With persistence, Gotz offers following benefits.

  • reduce network usage as it can reuse the downloaded pages
  • recover from the aborted run without redoing the tasks already completed
  • avoid expensive parse operation as it can reuse the persisted data
  • set expiry date for each page

If you installed Gotz from GitHub, then to run examples with persistence we need to setup database. We explain how to install and setup HSQLDB as it is the easy one. But, in case you have installed Gotz from Docker image then you can skip installing HSQLDB as image comes with MariaDB instance preconfigured as explained in Install Gotz. Otherwise, download HSQLDB version 2.3 and extract it to some folder. To create database and start HSQLDB server, run

cd hsqldb-2.3.0/hsqldb
java -cp lib/hsqldb.jar org.hsqldb.server.Server --database.0 file:data/gotz --dbname.0 gotz

This creates database named gotz and places database files in data directory.

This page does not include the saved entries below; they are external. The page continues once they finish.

Lemma unimodular_sum_phases (J : finType) (w th : J -> R) :
  \big[Rplus/0]_j Rabs (w j) <= 1 ->
  (\big[Rplus/0]_j (w j * cos (th j))) ^ 2 + (\big[Rplus/0]_j (w j * sin (th j))) ^ 2 = 1 ->
  forall j k, w j <> 0 -> w k <> 0 -> sin (th j - th k) = 0.
Proof.
set W := \big[Rplus/0]_j Rabs (w j).
set c := \big[Rplus/0]_j (w j * cos (th j)).
set s := \big[Rplus/0]_j (w j * sin (th j)).
move=> W_le1 cs_eq1 j k wj_neq0 wk_neq0.
pose D j k := Rabs (w j) * Rabs (w k) - w j * w k * cos (th j - th k).
have D_ge0 j' k' : 0 <= D j' k'.
  have := Rle_abs (w j' * w k' * cos (th j' - th k')).
  have cos_le1 : Rabs (cos (th j' - th k')) <= 1 by apply: Rabs_le; apply: COS_bound.
  have := Rmult_le_compat_l _ _ _ (Rmult_le_pos _ _ (Rabs_pos (w j')) (Rabs_pos (w k'))) cos_le1.
  by rewrite !Rabs_mult /D; lra.
(* (sum_j |w_j|)^2 - |sum_j w_j e^{i th_j}|^2 = sum_{j,k} D j k *)
have lagrange : W * W = c * c + s * s + \big[Rplus/0]_j' \big[Rplus/0]_k' D j' k'.
  rewrite /W /c /s !mulR_suml -!big_split /=; apply: eq_bigr => j' _.
  rewrite !mulR_sumr -!big_split /=; apply: eq_bigr => k' _.
  by rewrite /D cos_minus; ring.
have W_ge0 : 0 <= W by apply: sumR_ge0 => j' _; apply: Rabs_pos.
have sumD_le0 : \big[Rplus/0]_j' \big[Rplus/0]_k' D j' k' <= 0 by nra.
have Dj_eq0 := sumR_ge0_eq0 (fun j' => sumR_ge0 _ (fun k' _ => D_ge0 j' k')) sumD_le0 j.
have Djk_eq0 := sumR_ge0_eq0 (fun k' => D_ge0 j k') (Req_le _ _ Dj_eq0) k.
apply: (sin_eq0_of_abs_cos (Rmult_integral_contrapositive_currified _ _ wj_neq0 wk_neq0)).
by rewrite Rabs_mult; rewrite /D in Djk_eq0; lra.
Qed.

Lemma iter_Rmult (a : R) m : iter m (Rmult a) 1 = a ^ m.
Proof. by elim: m => //= m ->. Qed.
Definition sys_equiv (R : comUnitRingType) p r (L L' : 'M[R]_(p + r)) :=
  exists U V : 'M[R]_p, [/\ U \in unitmx, V \in unitmx &
    block_mx U 0 0 1%:M *m L *m block_mx V 0 0 1%:M = L'].

Section SystemEquivalence.
Variables (R : comUnitRingType) (p r : nat).
Implicit Types L : 'M[R]_(p + r).

Lemma block_diag1_mul (U V : 'M[R]_p) :
  block_mx (U *m V) 0 0 1%:M = block_mx U 0 0 1%:M *m block_mx V 0 0 (1%:M : 'M[R]_r).
Proof. by rewrite mulmx_block !(mulmx0, mul0mx, addr0, add0r, mulmx1). Qed.

Lemma sys_equiv_refl L : sys_equiv L L.
Proof. by exists 1%:M, 1%:M; rewrite unitmx1 -scalar_mx_block mul1mx mulmx1. Qed.

Lemma sys_equiv_trans L1 L2 L3 : sys_equiv L1 L2 -> sys_equiv L2 L3 -> sys_equiv L1 L3.
Proof.
move=> [U [V [uU uV <-]]] [U' [V' [uU' uV' <-]]].
exists (U' *m U), (V *m V'); rewrite !unitmx_mul uU uV uU' uV'; split=> //.
by rewrite !block_diag1_mul !mulmxA.
Qed.

End SystemEquivalence.

Lemma eqnSF k : (k == k.+1) = false. Proof. by elim: k. Qed.
Lemma eqSnF k : (k.+1 == k) = false. Proof. by elim: k. Qed.
Lemma ltSnF k : (k.+1 < k)%N = false. Proof. by rewrite ltnNge leqnSn. Qed.

Section BlockMatrices.
Variables (R : pzRingType) (m n : nat).
Implicit Types (f g : nat -> nat -> 'M[R]_n) (h : nat -> 'M[R]_n).

Lemma divn_blk_lt (k p : nat) : (p < k * n)%N -> (p %/ n < k)%N.
Proof. by case: n => [|n']; [rewrite muln0|rewrite ltn_divLR]. Qed.

Lemma blk_lt (p : 'I_(m * n)) : (p %/ n < m)%N.
Proof. exact: divn_blk_lt. Qed.

Definition blkmx f : 'M[R]_(m * n) :=
  \matrix_(p, q) f (p %/ n)%N (q %/ n)%N (off p) (off q).

Lemma eq_blkmx f g :
  (forall b c, (b < m)%N -> (c < m)%N -> f b c = g b c) -> blkmx f = blkmx g.
Proof. by move=> fg; apply/matrixP=> i j; rewrite !mxE fg // blk_lt. Qed.

Lemma blkmxD f g : blkmx f + blkmx g = blkmx (fun b c => f b c + g b c).
Proof. by apply/matrixP=> i j; rewrite !mxE. Qed.

Lemma blkmxN f : - blkmx f = blkmx (fun b c => - f b c).
Proof. by apply/matrixP=> i j; rewrite !mxE. Qed.

Lemma blkmxZ (x : R) f : x *: blkmx f = blkmx (fun b c => x *: f b c).
Proof. by apply/matrixP=> i j; rewrite !mxE. Qed.

Lemma blkmx0 : blkmx (fun _ _ => 0) = 0.
Proof. by apply/matrixP=> i j; rewrite !mxE. Qed.

Lemma blk_index_lt (d : 'I_m) (o : 'I_n) : (d * n + o < m * n)%N.
Proof.
case: d o => d dm [o on] /=.
apply: (@leq_trans (d * n + n)); first by rewrite ltn_add2l.
by rewrite addnC -mulSn leq_mul2r dm orbT.
Qed.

Use HSQLDB client to connect running database and to do that run following from another console

java -cp hsqldb.jar org.hsqldb.util.DatabaseManagerSwing

To connect to HSQLDB server, enter connection details as shown in the figure and click OK.

Gotz Persistence HSQLDB client

Enable Persistence in Gotz

By default persistence is enabled in Gotz, but to run examples, we have disabled it by setting gotz.useDatastore property as false in conf/gotz.properties file. To enable persistence, either set this property as true or remove the property by hashing it out.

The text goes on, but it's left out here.